No existe consenso total en Europa sobre la cuestión del matrimonio entre personas del mismo sexo porque en cada Estado la institución matrimonial ha evolucionado de forma diferente. Estas reflexiones llevan al Tribunal de Estrasburgo a entender que el art. 12 CEDH no puede imponer, hoy por hoy, a ningún Estado la obligación de abrir el matrimonio a las parejas homosexuales, pero tampoco se puede extraer de su dicción literal la imposibilidad de regular el matrimonio entre personas del mismo sexo. Y continúa reconociendo que “el matrimonio posee connotaciones sociales y culturales profundamente enraizadas susceptibles de diferir notablemente de una sociedad a otra”, absteniéndose de imponer su propia apreciación sobre el matrimonio a “las autoridades nacionales que son las mejor situadas para apreciar las necesidades de la sociedad y responder a ellas”.

Ello nos lleva a afirmar que la institución del matrimonio como unión entre dos personas independientemente de su orientación sexual se ha ido asentando, siendo prueba de ello la evolución verificada en Derecho comparado y en el Derecho europeo de los Derechos Humanos respecto de la consideración del matrimonio entre personas del mismo sexo. Una evolución que pone de manifiesto la existencia de una nueva “imagen” del matrimonio cada vez más extendida, aunque no sea hasta la fecha absolutamente uniforme, y que nos permite entender hoy la concepción del matrimonio, desde el punto de vista del derecho comparado del mundo occidental, como una concepción plural.

Por otra parte, este Tribunal no puede permanecer ajeno a la realidad social y hoy existen datos cuantitativos contenidos en estadísticas oficiales, que confirman que en España existe una amplia aceptación social del matrimonio entre parejas del mismo sexo, al tiempo que estas parejas han ejercitado su derecho a contraer matrimonio desde el año 2005.

Puede decirse, por tanto, que, excepción hecha de normas muy singulares (la propia exposición de motivos de la Ley 13/2005 cita los artículos 116, 117 y 118 CC como supuestos que sólo pueden producirse en el caso de matrimonios entre dos personas de diferente sexo), el régimen jurídico del matrimonio y consecuentemente la imagen jurídica que la sociedad se va forjando de él, no se distorsiona por el hecho de que los cónyuges sean de distinto o del mismo sexo.

Puede concluirse, por tanto, que la Ley 13/2005, dentro del amplio margen concedido por el art. 32 CE tal y como ha sido interpretado hasta aquí, desarrolla la institución del matrimonio conforme a nuestra cultura jurídica, sin hacerla en absoluto irreconocible para la imagen que de la institución se tiene en la sociedad española contemporánea.

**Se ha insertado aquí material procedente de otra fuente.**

Lemma toeplitz_is_toeplitz a b c : is_toeplitz (toeplitz a b c).
Proof.
move=> r s; rewrite /toeplitz_coef !mxE subn0 leq0n inordK //.
by apply: leq_ltn_trans (leq_subr _ _) (ltn_ord s).
Qed.

Lemma is_toeplitzE A : is_toeplitz A ->
  A = toeplitz (toeplitz_coef A 0) (toeplitz_coef A 1) (toeplitz_coef A 2).
Proof.
move=> tA; apply/matrixP => r s; rewrite tA mxE; case: ifP => // _.
have : (s - r < 3)%N by rewrite (leq_ltn_trans (leq_subr _ _)).
by case: (s - r)%N => [|[|[|]]].
Qed.

Lemma is_toeplitzM A B : is_toeplitz A -> is_toeplitz B -> is_toeplitz (A * B).
Proof.
by move=> /is_toeplitzE -> /is_toeplitzE ->; rewrite toeplitzM; apply: toeplitz_is_toeplitz.
Qed.

Lemma is_toeplitzX A k : is_toeplitz A -> is_toeplitz (A ^+ k).
Proof.
move=> tA; elim: k => [|k IHk]; last by rewrite exprS; apply: is_toeplitzM.
by rewrite expr0 -toeplitz1; apply: toeplitz_is_toeplitz.
Qed.

Lemma is_toeplitz_sum (I : Type) (r : seq I) (P : pred I) (c : I -> R) (A : I -> 'M_3) :
  (forall i, P i -> is_toeplitz (A i)) -> is_toeplitz (\sum_(i <- r | P i) c i *: A i).
Proof.
move=> tA u v; rewrite /toeplitz_coef !summxE; case: ifP => le_uv.
  by apply: eq_bigr => i Pi; rewrite !mxE tA // le_uv.
by rewrite big1 // => i Pi; rewrite mxE tA // le_uv mulr0.
Qed.

End Toeplitz.

Lemma T39_rep_block0 (R : comNzRingType) :
  to_mx 3 (nth [::] T39_rep_x 0) = toeplitz 1 0 0 :> 'M[R]_3 /\
  to_mx 3 (nth [::] T39_rep_y 0) = toeplitz 1 1 0 :> 'M[R]_3.
Proof.
by split; apply/matrixP => r s; rewrite !mxE; case: r => [[|[|[|r]]] ?]; case: s => [[|[|[|s]]] ?].
Qed.

Section ToeplitzLog.
Variables (R : fieldType) (charR3 : (3 \in [pchar R])%N).
Local Notation coef := toeplitz_coef.

(* log (1 + u) = u - u^2/2 on the unipotent part u = (b t + c t^2)/a, and -1/2 = 1 in
   characteristic 3. *)
Definition toeplitz_log (A : 'M[R]_3) : R * R :=
  (coef A 1 / coef A 0, coef A 2 / coef A 0 + (coef A 1 / coef A 0) ^+ 2).

Lemma toeplitz_coef0M (A B : 'M[R]_3) : is_toeplitz A -> is_toeplitz B ->
  coef (A * B) 0 = coef A 0 * coef B 0.
Proof.
move=> /is_toeplitzE eA /is_toeplitzE eB.
move: (coef A 0) (coef A 1) (coef A 2) eA (coef B 0) (coef B 1) (coef B 2) eB.
by move=> a1 b1 c1 -> a2 b2 c2 ->; rewrite toeplitzM !toeplitz_coefE.
Qed.

Lemma toeplitz_logM (A B : 'M[R]_3) :
    is_toeplitz A -> is_toeplitz B -> coef A 0 != 0 -> coef B 0 != 0 ->
  toeplitz_log (A * B) =
    ((toeplitz_log A).1 + (toeplitz_log B).1, (toeplitz_log A).2 + (toeplitz_log B).2).
Proof.
move=> /is_toeplitzE eA /is_toeplitzE eB.
move: (coef A 0) (coef A 1) (coef A 2) eA (coef B 0) (coef B 1) (coef B 2) eB.
move=> a1 b1 c1 -> a2 b2 c2 ->; rewrite /toeplitz_log toeplitzM !toeplitz_coefE //=.
move=> a1_neq0 a2_neq0.
congr (_, _); first by field; apply/andP.
have three0 : 3%:R = 0 :> R := pcharf0 charR3.
rewrite -[RHS]addr0 -(mul0r (b1 / a1 * (b2 / a2))) -three0.
by field; apply/andP.
Qed.

Lemma toeplitz_log_inj (A B : 'M[R]_3) : is_toeplitz A -> is_toeplitz B -> coef A 0 != 0 ->
  coef A 0 = coef B 0 -> toeplitz_log A = toeplitz_log B -> A = B.
Proof.
move=> tA tB a_neq0 e0 [/= e1 e2]; have b_neq0 : coef B 0 != 0 by rewrite -e0.
have e1' : coef A 1 = coef B 1 by rewrite -(divfK a_neq0 (coef A 1)) e1 e0 divfK.
have e2' : coef A 2 = coef B 2.
  by move: e2; rewrite e1 => /addIr e2; rewrite -(divfK a_neq0 (coef A 2)) e2 e0 divfK.
by rewrite (is_toeplitzE tA) (is_toeplitzE tB) e0 e1' e2'.
Qed.

Lemma toeplitz_logK (a x y : R) :
  a != 0 -> toeplitz_log (toeplitz a (a * x) (a * (y - x ^+ 2))) = (x, y).
Proof.
by move=> a_neq0; rewrite /toeplitz_log !toeplitz_coefE //= ![a * _]mulrC !mulfK // subrK.
Qed.

End ToeplitzLog.

Lemma toeplitz_unit (R : fieldType) (a b c : R) : a != 0 ->
  exists a' b' c',
    toeplitz a b c * toeplitz a' b' c' = 1 /\ toeplitz a' b' c' * toeplitz a b c = 1.
Proof.
move=> a_neq0; exists a^-1, (- b / a ^+ 2), ((b ^+ 2 / a - c) / a ^+ 2).
by rewrite !toeplitzM -toeplitz1; split; congr toeplitz; field.
Qed.

Section FfunPair.
Variables (V : nmodType) (n : nat).

Definition ffun_pair (u v : {ffun 'I_n -> V}) : {ffun 'I_(2 * n) -> V} :=
  [ffun i => match split (cast_ord (etrans (mul2n n) (esym (addnn n))) i) with
             | inl j => u j | inr j => v j end].

Lemma ffun_pairD u v u' v' :
  ffun_pair (u + u') (v + v') = [ffun i => ffun_pair u v i + ffun_pair u' v' i].
Proof. by apply/ffunP => i; rewrite !ffunE; case: split => j; rewrite ffunE. Qed.

Lemma ffun_pair_inj u v u' v' : ffun_pair u v = ffun_pair u' v' -> u = u' /\ v = v'.
Proof.
move/ffunP => e; split; apply/ffunP => j.
  have := e (cast_ord (esym (etrans (mul2n n) (esym (addnn n)))) (unsplit (inl j : 'I_n + 'I_n))).
  by rewrite !ffunE cast_ordKV unsplitK.
have := e (cast_ord (esym (etrans (mul2n n) (esym (addnn n)))) (unsplit (inr j : 'I_n + 'I_n))).
by rewrite !ffunE cast_ordKV unsplitK.
Qed.

Lemma ffun_pair_surj w : exists u v, ffun_pair u v = w.
Proof.
pose c := cast_ord (esym (etrans (mul2n n) (esym (addnn n)))).
exists [ffun j => w (c (lshift n j))], [ffun j => w (c (rshift n j))].
apply/ffunP => i; rewrite ffunE.
by case: splitP => j /= ij; rewrite ffunE; congr (w _); apply: val_inj; rewrite /= ij.
Qed.

End FfunPair.

Lemma finField_coords (F : finFieldType) (p n : nat) :
  (p \in [pchar F])%N -> #|F| = (p ^ n)%N ->
  exists crd : F -> {ffun 'I_n -> 'F_p}, {morph crd : x y / x + y} /\ bijective crd.
Proof.
move=> charFp cardF; have := pprimeChar_vectAxiom charFp.
have -> : logn p #|pPrimeCharType charFp| = n by rewrite cardF pfactorK ?(pcharf_prime charFp).
case=> v2r lin_v2r [r2v v2rK r2vK].
exists (fun x => [ffun i => v2r x 0 i]); split.
  move=> x y; apply/ffunP => i; rewrite !ffunE.
  by have := lin_v2r 1 x y; rewrite !scale1r => ->; rewrite mxE.
exists (fun u : {ffun 'I_n -> 'F_p} => r2v (\row_i u i) : F) => [x | u].
  by rewrite -[RHS]v2rK; congr r2v; apply/rowP => i; rewrite !mxE ffunE.
by apply/ffunP => i; rewrite ffunE r2vK mxE.
Qed.

Lemma finField_log (F : finFieldType) (m : nat) : #|F| = m.+1 -> (1 < m)%N ->
  exists lg : F -> 'Z_m,
    [/\ {in predC1 0 &, {morph lg : a b / a * b >-> a + b}},
        {in predC1 0 &, injective lg} & forall k, exists2 a, a != 0 & lg a = k].
Proof.
move=> cardF m_gt1.
have modE a : (a %% (Zp_trunc m).+2 = a %% m)%N by rewrite Zp_cast.
have [u defU] := cyclicP (field_unit_group_cyclic [set: {unit F}]%G).
have ou : #[u]%g = m by rewrite /order -defU card_finField_unit cardF.
pose ex (k : 'Z_m) : F := FinRing.uval (u ^+ k)%g.
have exD k l : ex (k + l) = ex k * ex l.
  rewrite /ex -FinRing.val_unitM -expgD; congr FinRing.uval.
  by rewrite -(expg_mod_order u (k + l)%N) ou /= modE.
have ex_neq0 k : ex k != 0 by rewrite -unitfE; apply: valP.
have ex_inj : injective ex.
  move=> k l /val_inj /eqP; rewrite eq_expg_mod_order ou => /eqP.
  have lt_m (j : 'Z_m) : (j < m)%N by rewrite -[in X in (_ < X)%N](Zp_cast m_gt1).
  by rewrite !modn_small // => /val_inj.
have ex_surj a : a != 0 -> exists k, ex k = a.
  rewrite -unitfE => ua; have : FinRing.unit F ua \in <[u]>%g by rewrite -defU inE.
  case/cycleP => i ei; exists (inZp i).
  by rewrite /ex /= modE -ou expg_mod_order -ei.
pose lg (a : F) : 'Z_m := odflt 0 [pick k | ex k == a].
have lgK k : lg (ex k) = k.
  by rewrite /lg; case: pickP => [l /eqP/ex_inj // | /(_ k)]; rewrite eqxx.
exists lg; split.
- by move=> a b /ex_surj[k <-] /ex_surj[l <-]; rewrite -exD !lgK.
- by move=> a b /ex_surj[k <-] /ex_surj[l <-]; rewrite !lgK => ->.
by move=> k; exists (ex k); rewrite ?lgK.
Qed.

Lemma unit_of_expr_eq1 (R : unitRingType) (x : R) k : x ^+ k.+1 = 1 -> x \is a GRing.unit.
Proof. by move=> xk; apply/unitrP; exists (x ^+ k); rewrite -exprS -exprSr. Qed.

Lemma ffun_exprE (aT : finType) (R : pzRingType) (f : {ffun aT -> R}) k x :
  (f ^+ k) x = f x ^+ k.
Proof. by elim: k => [|k IHk]; rewrite ?ffunE // !exprS ffunE IHk. Qed.

Lemma ffun_mulE (aT : finType) (R : pzRingType) (f g : {ffun aT -> R}) x :
  (f * g) x = f x * g x.
Proof. exact: ffunE. Qed.

Lemma ffun_scaleE (R : pzRingType) (aT : finType) (V : lmodType R) (k : R)
    (f : {ffun aT -> V}) x :
  (k *: f) x = k *: f x.
Proof. exact: ffunE. Qed.

Notation blockmx R := {ffun 'I_5 -> 'M[R]_3}.

Section T39Representation.
Variables (F : finFieldType) (charF3 : (3 \in [pchar F])%N).

Definition blockGL := {dffun forall i : 'I_5, {'GL_3[F]}}.

Definition mkGL (A : 'M[F]_3) : {'GL_3[F]} := insubd (1%g : {'GL_3[F]}) A.

Lemma mkGLK A : A \is a GRing.unit -> GLval (mkGL A) = A.
Proof. by move=> uA; rewrite /mkGL insubdK. Qed.

Lemma mkGLM (A B : 'M[F]_3) : A \is a GRing.unit -> B \is a GRing.unit ->
  mkGL (A * B) = (mkGL A * mkGL B)%g.
Proof.
move=> uA uB; apply: val_inj; change (GLval (mkGL (A * B)) = GLval (mkGL A * mkGL B)%g).
by rewrite GL_ME !mkGLK ?unitrMl.
Qed.

Definition blocks (g : blockGL) : blockmx F := [ffun i => GLval (g i)].

Lemma blocks_inj : injective blocks.
Proof.
by move=> g h /ffunP e; apply/ffunP => i; apply: val_inj; have := e i; rewrite !ffunE.
Qed.

Lemma blocksM g h : blocks (g * h)%g = blocks g * blocks h.
Proof. by apply/ffunP => i; rewrite !ffunE. Qed.

Lemma blocks1 : blocks 1%g = 1.
Proof. by apply/ffunP => i; rewrite !ffunE. Qed.

Lemma blocksX g k : blocks (g ^+ k)%g = blocks g ^+ k.
Proof. by elim: k => [|k IHk]; rewrite ?blocks1 // expgS exprS blocksM IHk. Qed.

Definition natmx_blocks (L : seq natmx) : blockmx F :=
  [ffun i : 'I_5 => to_mx 3 (nth [::] L i)].

Definition natmx_GL (L : seq natmx) : blockGL := [ffun i => mkGL (natmx_blocks L i)].

Lemma blocks_natmx_GL L k : natmx_blocks L ^+ k.+1 = 1 -> blocks (natmx_GL L) = natmx_blocks L.
Proof.
move=> Lk; apply/ffunP => i.
have uLi : natmx_blocks L i \is a GRing.unit.
  by apply: (@unit_of_expr_eq1 _ _ k); rewrite -(ffun_exprE (natmx_blocks _)) Lk ffunE.
by rewrite ffunE /natmx_GL ffunE mkGLK.
Qed.

Definition T39_X : blockGL := natmx_GL T39_rep_x.
Definition T39_Y : blockGL := natmx_GL T39_rep_y.

Lemma natmx_blocks_relations :
  [/\ natmx_blocks T39_rep_x ^+ 13 = 1, natmx_blocks T39_rep_y ^+ 3 = 1 &
      natmx_blocks T39_rep_x * natmx_blocks T39_rep_y
        = natmx_blocks T39_rep_y * natmx_blocks T39_rep_x ^+ 3].
Proof.
split; apply/ffunP => i; have [X13 Y3 XY] := T39_rep_relations (ltn_ord i).
- by rewrite (ffun_exprE (natmx_blocks _)) !ffunE -(to_mx_exp _ charF3) X13 to_mx1.
- by rewrite (ffun_exprE (natmx_blocks _)) !ffunE -(to_mx_exp _ charF3) Y3 to_mx1.
rewrite ffun_mulE [RHS]ffun_mulE (ffun_exprE (natmx_blocks _)) !ffunE -(to_mx_exp _ charF3).
by rewrite -!mulmxE -!(to_mx_mul _ charF3) XY.
Qed.

Lemma blocks_T39_X : blocks T39_X = natmx_blocks T39_rep_x.
Proof. by have [X13 _ _] := natmx_blocks_relations; rewrite (blocks_natmx_GL X13). Qed.

Lemma blocks_T39_Y : blocks T39_Y = natmx_blocks T39_rep_y.
Proof. by have [_ Y3 _] := natmx_blocks_relations; rewrite (blocks_natmx_GL Y3). Qed.

Lemma T39_X_order : (T39_X ^+ 13 = 1)%g.
Proof.
by apply: blocks_inj; rewrite blocksX blocks1 blocks_T39_X; case: natmx_blocks_relations.
Qed.

Lemma T39_Y_order : (T39_Y ^+ 3 = 1)%g.
Proof.
by apply: blocks_inj; rewrite blocksX blocks1 blocks_T39_Y; case: natmx_blocks_relations.
Qed.

Lemma T39_XY : (T39_X ^ T39_Y = T39_X ^+ 3)%g.
Proof.
suff XY : (T39_X * T39_Y = T39_Y * T39_X ^+ 3)%g by rewrite /conjg XY mulKg.
apply: blocks_inj; rewrite blocksM blocksM blocksX blocks_T39_X blocks_T39_Y.
by case: natmx_blocks_relations.
Qed.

Por tanto, desde el punto de vista de la garantía institucional del matrimonio no cabe realizar reproche de inconstitucionalidad a la opción escogida por el legislador en este caso, dentro del margen de apreciación que la Constitución le reconoce, porque es una opción no excluida por el constituyente, y que puede tener cabida en el art. 32 CE interpretado de acuerdo con una noción institucional de matrimonio cada vez más extendida en la sociedad española y en la sociedad internacional, aunque no sea unánimemente aceptada”.